4) Specify a new project
- The code written by the AI engineer is saved in a folder named after that project.
4) Write the prompt
5) Process and result
1) Real-time review
- Inside the 'inner browser area', the AI engineer shares web search results in between research steps and reviews its (the AI's) own research findings and plans
2) Code generation result
- /[project name]/data/projects : under this folder, in step 3 a new folder is created using the new project name and the corresponding code is generated inside it
3) Real-time code review
- You can also write messages right inside the code the AI engineer wrote and communicate with it directly in real time!
- A file generated when I asked it to write up how to use the code
Review
I really like the interface. What I find personally striking is the inter-agent workflow that lets a person review and give feedback in between steps, not just on the final result.

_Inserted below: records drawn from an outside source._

(* Let $\nu>0$, let $K$ be a smooth positive function with antiderivative $J(u)=\int K(u)\,du$ assumed invertible, and let $A\neq 0$, $B$, $D\neq 0$, $Q$ be constants. Suppose $C(u)=D\,K(u)\left(AJ(u)+B\right)^{1/A}$. Then, on any region of $z>0$, $t>0$ where $Q+\frac{2(2A+1-\nu)}{D}t>0$ and the argument below lies in the range of $J$, $$u(z,t)=J^{-1}\!\left(\frac{1}{A}z^{-2A}\left(Q+\frac{2(2A+1-\nu)}{D}t\right)^{A}-\frac{B}{A}\right)$$ is a solution of $C(u)u_t=z^{-\nu}\left(K(u)z^{\nu}u_z\right)_z$. *)

From Stdlib Require Import Reals.
From Coquelicot Require Import Coquelicot.
Open Scope R_scope.

Definition Ccoef (K J : R -> R) (A B D : R) (w : R) : R :=
  D * K w * Rpower (A * J w + B) (1 / A).

Definition sol_arg (nu A B D Q z t : R) : R :=
  1 / A * Rpower z (-2 * A) * Rpower (Q + 2 * (2 * A + 1 - nu) / D * t) A - B / A.

Definition sol_u (Jinv : R -> R) (nu A B D Q z t : R) : R :=
  Jinv (sol_arg nu A B D Q z t).

(* Since J' = K > 0, the function J is a strictly increasing bijection onto its
   (open) range, where the left inverse Jinv is differentiable with
   Jinv' = 1 / K(Jinv).  Hence J(u) = S for the explicit function
   S = (1/A) z^(-2A) P(t)^A - B/A, P(t) = Q + c t, c = 2(2A+1-nu)/D, and the
   chain rule gives K(u) u_t = S_t and K(u) z^nu u_z = z^nu S_z, in which K
   cancels.  As A S + B = z^(-2A) P^A, the coefficient C(u) becomes
   D K(u) z^(-2) P, and both sides of the equation reduce to
   2(2A+1-nu) z^(-2A-2) P^A. *)
From Stdlib Require Import Reals Lra.
From Coquelicot Require Import Coquelicot.
Open Scope R_scope.

Lemma Rpower_plus_eq (x a b c : R) : a + b = c -> Rpower x a * Rpower x b = Rpower x c.
Proof. intros <-; symmetry; apply Rpower_plus. Qed.

Lemma is_derive_Rpower (e x : R) :
  0 < x -> is_derive (fun y => Rpower y e) x (e * Rpower x (e - 1)).
Proof. now intros Hx; apply is_derive_Reals, derivable_pt_lim_power. Qed.

Lemma ex_derive_Rpower (e x : R) : 0 < x -> ex_derive (fun y => Rpower y e) x.
Proof. now intros Hx; eexists; apply is_derive_Rpower. Qed.

Lemma Derive_Rpower (e x : R) :
  0 < x -> Derive (fun y => Rpower y e) x = e * Rpower x (e - 1).
Proof. now intros Hx; apply is_derive_unique, is_derive_Rpower. Qed.

Definition in_open_range (J : R -> R) (y : R) : Prop := exists a b, J a < y < J b.

Lemma locally_in_open_range (J f : R -> R) (x : R) :
  continuous f x -> in_open_range J (f x) ->
  locally x (fun y => in_open_range J (f y)).
Proof.
  intros Hf [a [b Hab]].
  assert (Hnear : locally (f x) (fun v => J a < v < J b)).
  { apply (locally_interval _ _ (J a) (J b)); try apply Hab.
    now intros v Ha Hb; split. }
  eapply filter_imp; [| exact (Hf _ Hnear)].
  intros y Hy; now exists a, b.
Qed.

Section LeftInverse.

Variables K J Jinv : R -> R.
Hypothesis Kpos : forall x, 0 < K x.
Hypothesis HJ : forall x, is_derive J x (K x).
Hypothesis HJinv : forall x, Jinv (J x) = x.

Lemma J_increasing (x y : R) : x < y -> J x < J y.
Proof.
  intros Hxy.
  destruct (MVT_cor2 J K x y Hxy) as [c [Hc _]].
  { intros c _; apply is_derive_Reals, HJ. }
  assert (0 < K c * (y - x)) by (apply Rmult_lt_0_compat; [apply Kpos | lra]).
  lra.
Qed.

Lemma J_lt_cancel (x y : R) : J x < J y -> x < y.
Proof.
  intros HJxy; destruct (Rlt_or_le x y) as [| [Hyx | ->]]; trivial.
  - pose proof (J_increasing _ _ Hyx); lra.
  - lra.
Qed.

Lemma J_continuity : continuity J.
Proof.
  intros x; apply continuity_pt_filterlim, (ex_derive_continuous (V := R_NormedModule)).
  now exists (K x).
Qed.

Lemma J_Jinv (a b y : R) : J a <= y <= J b -> J (Jinv y) = y.
Proof.
  intros Hy.
  destruct (IVT_gen J a b y J_continuity) as [x [_ <-]].
  - pose proof (Rmin_l (J a) (J b)); pose proof (Rmax_r (J a) (J b)); lra.
  - now rewrite HJinv.
Qed.

Lemma in_open_range_J (w : R) : in_open_range J (J w).
Proof. exists (w - 1), (w + 1); split; apply J_increasing; lra. Qed.

Lemma J_Jinv_open (y : R) : in_open_range J y -> J (Jinv y) = y.
Proof. intros [a [b Hy]]; apply (J_Jinv a b); lra. Qed.

Lemma is_derive_Jinv (y : R) : in_open_range J y -> is_derive Jinv y (/ K (Jinv y)).
Proof.
  intros [a [b Hy]].
  assert (Hab : a < b) by (apply J_lt_cancel; lra).
  assert (Hcont : continuity_pt Jinv y).
  { apply (Ranalysis5.continuity_pt_recip_prelim J Jinv a b Hab); trivial.
    - intros x x' _ Hxx' _; now apply J_increasing.
    - intros x _; apply HJinv.
    - intros x _; apply J_continuity. }
  assert (Hmid : Jinv (J a) <= Jinv y <= Jinv (J b)).
  { rewrite !HJinv; split; apply Rlt_le, J_lt_cancel; rewrite (J_Jinv a b); lra. }
  pose proof (Ranalysis5.derivable_pt_lim_recip_interv J Jinv (J a) (J b) y
    (fun x _ => ex_derive_Reals_0 J x (ex_intro _ (K x) (HJ x)))
    Hcont (J_increasing _ _ Hab) Hy Hmid (fun x Hx => J_Jinv a b x Hx)) as HD.
  rewrite Derive_Reals, (is_derive_unique _ _ _ (HJ _)) in HD.
  apply is_derive_Reals; rewrite <- Rdiv_1_l.
  apply HD, Rgt_not_eq, Kpos.
Qed.

Lemma is_derive_Jinv_comp (f : R -> R) (x l : R) :
  in_open_range J (f x) -> is_derive f x l ->
  is_derive (fun y => Jinv (f y)) x (l * / K (Jinv (f x))).
Proof. intros Hf Hl; apply (is_derive_comp Jinv f); [now apply is_derive_Jinv | exact Hl]. Qed.

End LeftInverse.

Section ExplicitSolution.

Variables nu A B D Q : R.
Hypothesis HA : A <> 0.

Local Notation c := (2 * (2 * A + 1 - nu) / D).
Local Notation P t := (Q + c * t).

Lemma is_derive_sol_arg_z (z t : R) :
  0 < z ->
  is_derive (fun y => sol_arg nu A B D Q y t) z (-2 * Rpower z (-2 * A - 1) * Rpower (P t) A).
Proof.
  intros Hz; unfold sol_arg; auto_derive.
  - now apply ex_derive_Rpower.
  - rewrite Derive_Rpower by exact Hz; field; exact HA.
Qed.

Lemma is_derive_sol_arg_t (z t : R) :
  0 < P t ->
  is_derive (fun s => sol_arg nu A B D Q z s) t (Rpower z (-2 * A) * Rpower (P t) (A - 1) * c).
Proof.
  intros HP; unfold sol_arg; auto_derive.
  - now apply ex_derive_Rpower.
  - rewrite Derive_Rpower by exact HP.
    (* with c folded, field does not ask for D <> 0 *)
    set (k := c); field; exact HA.
Qed.

Lemma is_derive_radial_flux (z t : R) :
  0 < z ->
  is_derive (fun y => Rpower y nu * (-2 * Rpower y (-2 * A - 1) * Rpower (P t) A)) z
    (2 * (2 * A + 1 - nu) * Rpower z (nu - 2 * A - 2) * Rpower (P t) A).
Proof.
  intros Hz; auto_derive.
  - repeat split; now apply ex_derive_Rpower.
  - rewrite !Derive_Rpower by exact Hz.
    transitivity (-2 * nu * Rpower (P t) A * (Rpower z (nu - 1) * Rpower z (-2 * A - 1))
      + 2 * (2 * A + 1) * Rpower (P t) A * (Rpower z nu * Rpower z (-2 * A - 1 - 1)));
      [ring |].
    rewrite (Rpower_plus_eq z (nu - 1) _ (nu - 2 * A - 2)) by ring.
    rewrite (Rpower_plus_eq z nu _ (nu - 2 * A - 2)) by ring.
    ring.
Qed.

Lemma Rpower_affine_sol_arg (z t : R) :
  0 < z -> 0 < P t ->
  Rpower (A * sol_arg nu A B D Q z t + B) (1 / A) = Rpower z (-2) * P t.
Proof.
  intros Hz HP.
  replace (A * sol_arg nu A B D Q z t + B) with (Rpower z (-2 * A) * Rpower (P t) A)
    by (unfold sol_arg; field; exact HA).
  rewrite <- Rpower_mult_distr by (unfold Rpower; apply exp_pos).
  rewrite !Rpower_mult.
  replace (-2 * A * (1 / A)) with (-2) by (field; exact HA).
  replace (A * (1 / A)) with 1 by (field; exact HA).
  now rewrite Rpower_1.
Qed.

Lemma sol_arg_balance (z t : R) :
  D <> 0 -> 0 < z -> 0 < P t ->
  D * Rpower (A * sol_arg nu A B D Q z t + B) (1 / A)
    * (Rpower z (-2 * A) * Rpower (P t) (A - 1) * c)
  = Rpower z (- nu) * (2 * (2 * A + 1 - nu) * Rpower z (nu - 2 * A - 2) * Rpower (P t) A).
Proof.
  intros HD Hz HP.
  rewrite Rpower_affine_sol_arg by assumption.
  transitivity (D * c * (Rpower z (-2) * Rpower z (-2 * A))
                 * (Rpower (P t) 1 * Rpower (P t) (A - 1)));
    [rewrite Rpower_1 by exact HP; ring |].
  transitivity (2 * (2 * A + 1 - nu) * (Rpower z (- nu) * Rpower z (nu - 2 * A - 2))
                 * Rpower (P t) A); [| ring].
  rewrite (Rpower_plus_eq z (-2) _ (-2 * A - 2)), (Rpower_plus_eq (P t) 1 _ A),
    (Rpower_plus_eq z (- nu) _ (-2 * A - 2)) by ring.
  field; exact HD.
Qed.

End ExplicitSolution.

Theorem mainTheorem7
  (nu : R) (K J Jinv : R -> R) (A B D Q : R)
  (Hnu : 0 < nu)
  (Ksmooth : forall (n : nat) (x : R), ex_derive_n K n x)
  (Kpos : forall x : R, 0 < K x)
  (HJ : forall x : R, is_derive J x (K x))
  (HJinv : forall x : R, Jinv (J x) = x)
  (HA : A <> 0) (HD : D <> 0)
  (z t : R) (Hz : 0 < z) (Ht : 0 < t)
  (HQ : 0 < Q + 2 * (2 * A + 1 - nu) / D * t)
  (Hrange : exists w : R, J w = sol_arg nu A B D Q z t) :
  let u := sol_u Jinv nu A B D Q in
  locally z (fun y => ex_derive (fun y' => u y' t) y) /\
  exists ut flux_z : R,
    is_derive (fun s => u z s) t ut /\
    is_derive (fun y => K (u y t) * Rpower y nu * Derive (fun y' => u y' t) y)
      z flux_z /\
    Ccoef K J A B D (u z t) * ut = Rpower z (- nu) * flux_z.
Proof.
  intros u; unfold u, sol_u.
  assert (HS : in_open_range J (sol_arg nu A B D Q z t))
    by (destruct Hrange as [w <-]; apply (in_open_range_J K J Kpos HJ)).
  assert (Hnear : locally z (fun y => 0 < y /\ in_open_range J (sol_arg nu A B D Q y t))).
  { apply filter_and; [now apply open_gt | apply locally_in_open_range; trivial].
    apply (ex_derive_continuous (V := R_NormedModule)); eexists; now apply is_derive_sol_arg_z. }
  assert (Hu_z : forall y, 0 < y /\ in_open_range J (sol_arg nu A B D Q y t) ->
    is_derive (fun y' => Jinv (sol_arg nu A B D Q y' t)) y
      (-2 * Rpower y (-2 * A - 1) * Rpower (Q + 2 * (2 * A + 1 - nu) / D * t) A
        * / K (Jinv (sol_arg nu A B D Q y t)))).
  { intros y [Hy HSy].
    apply (is_derive_Jinv_comp K J Jinv Kpos HJ HJinv (fun y' => sol_arg nu A B D Q y' t));
      [exact HSy | now apply is_derive_sol_arg_z]. }
  split; [eapply filter_imp; [intros y Hy; eexists; exact (Hu_z y Hy) | exact Hnear] |].
  do 2 eexists; split; [|split].
  - apply (is_derive_Jinv_comp K J Jinv Kpos HJ HJinv (fun s => sol_arg nu A B D Q z s));
      [exact HS | now apply is_derive_sol_arg_t].
  - eapply is_derive_ext_loc; [| exact (is_derive_radial_flux nu A D Q z t Hz)].
    eapply filter_imp; [intros y Hy | exact Hnear].
    rewrite (is_derive_unique (fun y' : R => Jinv (sol_arg nu A B D Q y' t)) _ _ (Hu_z y Hy)).
    simpl; field; apply Rgt_not_eq, Kpos.
  - unfold Ccoef; rewrite (J_Jinv_open K J Jinv HJ HJinv _ HS).
    rewrite <- (sol_arg_balance nu A B D Q HA z t HD Hz HQ).
    change (scal ?a ?b) with (a * b).
    field; split; [exact HD | apply Rgt_not_eq, Kpos].
Qed.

It's still a bit early to post the actual outputs. Like with human work, the code-generation result is not the AI engineer's issue per se. It's a coordination problem between the two parties communicating. It's already shaping up into a useful tool. A lot of the examples around tackle Steam games... but personally, since that's not really my use case, I have been testing things that might apply to daily life, planning work, or studying coding. If something good comes out of it I'll post an update.